I have a data-structure which is something like this:

The population of three cities for different year are as follows.

Name  1990 2000 2010
A     10   20   30
B     20   30   10
C     30   10   20

I am using a defaultdict to store the data.

from collections import defaultdict
cityPopulation=defaultdict(list)
cityPopulation['A']=[10,20,30]
cityPopulation['B']=[20,30,10]
cityPopulation['C']=[30,10,20]

I want to sort the defaultdict based on a particular column of the list (the year). Say, sorting for 1990, should give C,B,A, while sorting for 2010 should give A,C,B.

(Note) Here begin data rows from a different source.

(* Write [L x] as the sum over the block columns of [L_{:,k} x_k].  As [L] is
   block lower triangular with unitary diagonal blocks,
   [|L_{:,k} x_k|^2 = |x_k|^2 + |L_{k+1:,k} x_k|^2], so a uniform bound
   [|L_{k+1:,k} x_k| <= c |x_k|] yields [|L| <= (1 + c) n_t] by Cauchy-Schwarz
   over the [n_t] blocks.  The bound on [c] comes from
   [L_{k+1:,k} = A^(k)_{k+1:,k} R_kk^-1], which expresses [L_{k+1:,k} x_k]
   through the Schur complement [A^(k)].
   (a) Column diagonal dominance is inherited by Schur complements, and for a
   column dominant matrix whose pivot block is invertible the part of a block
   column below the pivot block is bounded in l1 by the pivot part; comparing
   1- and 2-norms on a block of size at most [n_b] gives [c^2 <= n_b].
   (b) The Schur complements of a positive definite [A] are positive
   semidefinite, their forms are dominated by that of [A] and realized by it;
   Cauchy-Schwarz for the form of [A^(k)] gives [c^2 <= kappa_2(A)]. *)

From mathcomp Require Import all_boot all_order all_algebra.
From mathcomp Require Import complex.
From mathcomp Require Import boolp classical_sets reals.
From mathcomp Require Import ring lra.
Set Implicit Arguments. Unset Strict Implicit. Unset Printing Implicit Defensive.
Import Order.TTheory GRing.Theory Num.Theory.
Local Open Scope ring_scope.

Section BigSums.
Variables (F : pzSemiRingType) (T : finType).

Lemma sum_mul_deltar (p : pred T) (f : T -> F) l :
  p l -> \sum_(r | p r) f r * (r == l)%:R = f l.
Proof.
move=> pl; rewrite (bigD1 l) //= eqxx mulr1 big1 ?addr0 // => r /andP[_ /negbTE ->].
by rewrite mulr0.
Qed.

Lemma sum_mul_deltal (p : pred T) (f : T -> F) l :
  p l -> \sum_(r | p r) (l == r)%:R * f r = f l.
Proof.
move=> pl; rewrite (bigD1 l) //= eqxx mul1r big1 ?addr0 // => r /andP[_].
by rewrite eq_sym => /negbTE ->; rewrite mul0r.
Qed.

Lemma sum_mul_sumA (p q : pred T) (a : T -> F) (b : T -> T -> F) (c : T -> F) :
  \sum_(i | p i) a i * (\sum_(j | q j) b i j * c j)
  = \sum_(j | q j) (\sum_(i | p i) a i * b i j) * c j.
Proof.
under eq_bigr do rewrite big_distrr /=.
rewrite exchange_big /=; apply: eq_bigr => j _; rewrite big_distrl /=.
by apply: eq_bigr => i _; rewrite mulrA.
Qed.

End BigSums.

Section SquaredSums.
Variables (F : numDomainType) (T : finType) (p : pred T) (r : T -> F).
Hypothesis r_ge0 : forall i, 0 <= r i.

Lemma sum_sqr_le_sqr_sum : \sum_(i | p i) r i ^+ 2 <= (\sum_(i | p i) r i) ^+ 2.
Proof.
rewrite expr2 big_distrl /=; apply: ler_sum => i pi.
by rewrite expr2 ler_wpM2l // (bigD1 i) //= lerDl sumr_ge0.
Qed.

(* Expand [0 <= \sum_i \sum_j (r i - r j)^2]. *)
Lemma sqr_sum_le_card_sum_sqr :
  (\sum_(i | p i) r i) ^+ 2 <= #|[pred i | p i]|%:R * \sum_(i | p i) r i ^+ 2.
Proof.
set N := #|[pred i | p i]|%:R.
have cst (x : F) : \sum_(j | p j) x = x *+ #|[pred i | p i]|.
  by rewrite -sumr_const; apply: eq_bigl => j; rewrite inE.
have expand : \sum_(i | p i) \sum_(j | p j) (r i - r j) ^+ 2 =
    (N * \sum_(i | p i) r i ^+ 2) *+ 2 - ((\sum_(i | p i) r i) ^+ 2) *+ 2.
  have sqrB i j : (r i - r j) ^+ 2 = r i ^+ 2 + r j ^+ 2 - (r i * r j) *+ 2.
    by rewrite sqrrB; ring.
  under eq_bigr do under eq_bigr do rewrite sqrB.
  under eq_bigr do rewrite sumrB big_split /=.
  rewrite sumrB big_split /=.
  have -> : \sum_(i | p i) \sum_(j | p j) r j ^+ 2 = N * \sum_(i | p i) r i ^+ 2.
    by rewrite cst mulr_natl.
  have -> : \sum_(i | p i) \sum_(j | p j) r i ^+ 2 = N * \sum_(i | p i) r i ^+ 2.
    by under eq_bigr do rewrite cst; rewrite sumrMnl mulr_natl.
  rewrite -mulr2n; congr (_ - _).
  rewrite expr2 big_distrl /= -sumrMnl; apply: eq_bigr => i _.
  by rewrite big_distrr /= -sumrMnl.
have : 0 <= (N * \sum_(i | p i) r i ^+ 2) *+ 2 - ((\sum_(i | p i) r i) ^+ 2) *+ 2.
  rewrite -expand; apply: sumr_ge0 => i _; apply: sumr_ge0 => j _.
  by rewrite -realEsqr realB ?ger0_real.
by rewrite -mulrnBl pmulrn_lge0 // subr_ge0.
Qed.

End SquaredSums.

Lemma sqr_le_mulr_le (F : numDomainType) (a b c : F) :
  0 <= a -> 0 <= b -> 0 <= c -> a ^+ 2 <= a * b * c -> a <= b * c.
Proof.
move=> a0 b0 c0; have [->|an0] := eqVneq a 0; first by rewrite mulr_ge0.
by rewrite expr2 -mulrA ler_pM2l // lt_def an0 a0.
Qed.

Also, is this the best way to store the data? As I am changing the population values, I want it to be mutable.

imsc
  • 7,492
  • 7
  • 47
  • 69
  • Do you want to store the sorted dictionary for future use, or just output it? You might want to look in to ordereddict and namedtuple. – Silas Ray Apr 17 '12 at 16:01
  • I just want to print the order. – imsc Apr 17 '12 at 16:02
  • Why does sorting for `2010` give `A,B,C`? – jamylak Apr 17 '12 at 16:04
  • Well, you are still most likely going to want a data structure that is ordered. – Silas Ray Apr 17 '12 at 16:04
  • I do not want the data-structure to be ordered, as the order will depend on the year. – imsc Apr 17 '12 at 16:09
  • But you can't sort something that is inherently unordered. It's like trying to use a sieve to hold water; it just can't do it. Even if the ordered object is only transient, you can't have the data sorted without, well, sorting it first, and you can't sort it without an ordered data structure. – Silas Ray Apr 17 '12 at 16:11
  • @sr2222: If you only want to do one operation with the sorted data, why bother storing the sorted order? Just use it sorted then forget. – Gareth Latty Apr 17 '12 at 17:18
  • @Lattyware the nature of sorting requires that you store the data ordered at least for the length of time you need it sorted (unless you want an incredibly clunky and slow implementation). Like I said, it could be a transient object, but it does have to exist at least for a while. – Silas Ray Apr 17 '12 at 17:38
  • @sr2222 Well, no. You can use ``sorted()`` to produce a generator. You don't store the values as they are lazily generated from the ``defaultdict``. – Gareth Latty Apr 17 '12 at 17:48
  • @Lattyware http://stackoverflow.com/questions/4154571/sorted-using-generator-expressions-rather-than-lists Please detail how you could produce any kind of sort algorithm that ran with anything that could even be loosely affiliated with efficiency that would not have to create an object that contained all the data in various states of sortedness? Start with this list http://en.wikipedia.org/wiki/Sorting_algorithm and tell me which work without storing some kind of interim sorted list or object. – Silas Ray Apr 17 '12 at 18:00
  • @sr2222 I'm not saying Python doesn't do it, I'm saying *you* don't need to. ``sorted()`` returns a sorted list of items, so you just iterated over it and forget about it. – Gareth Latty Apr 17 '12 at 18:05
  • @Lattyware It's not the best idea to program thinking, "if the language/library does it for me, I don't need to know what's going on." That mindset leads to inefficient code and more often than not bugs that you can't fix. – Silas Ray Apr 17 '12 at 18:11

4 Answers4

42
>>> sorted(cityPopulation.iteritems(),key=lambda (k,v): v[0],reverse=True) #1990
[('C', [30, 10, 20]), ('B', [20, 30, 10]), ('A', [10, 20, 30])]
>>> sorted(cityPopulation.iteritems(),key=lambda (k,v): v[2],reverse=True) #2010
[('A', [10, 20, 30]), ('C', [30, 10, 20]), ('B', [20, 30, 10])]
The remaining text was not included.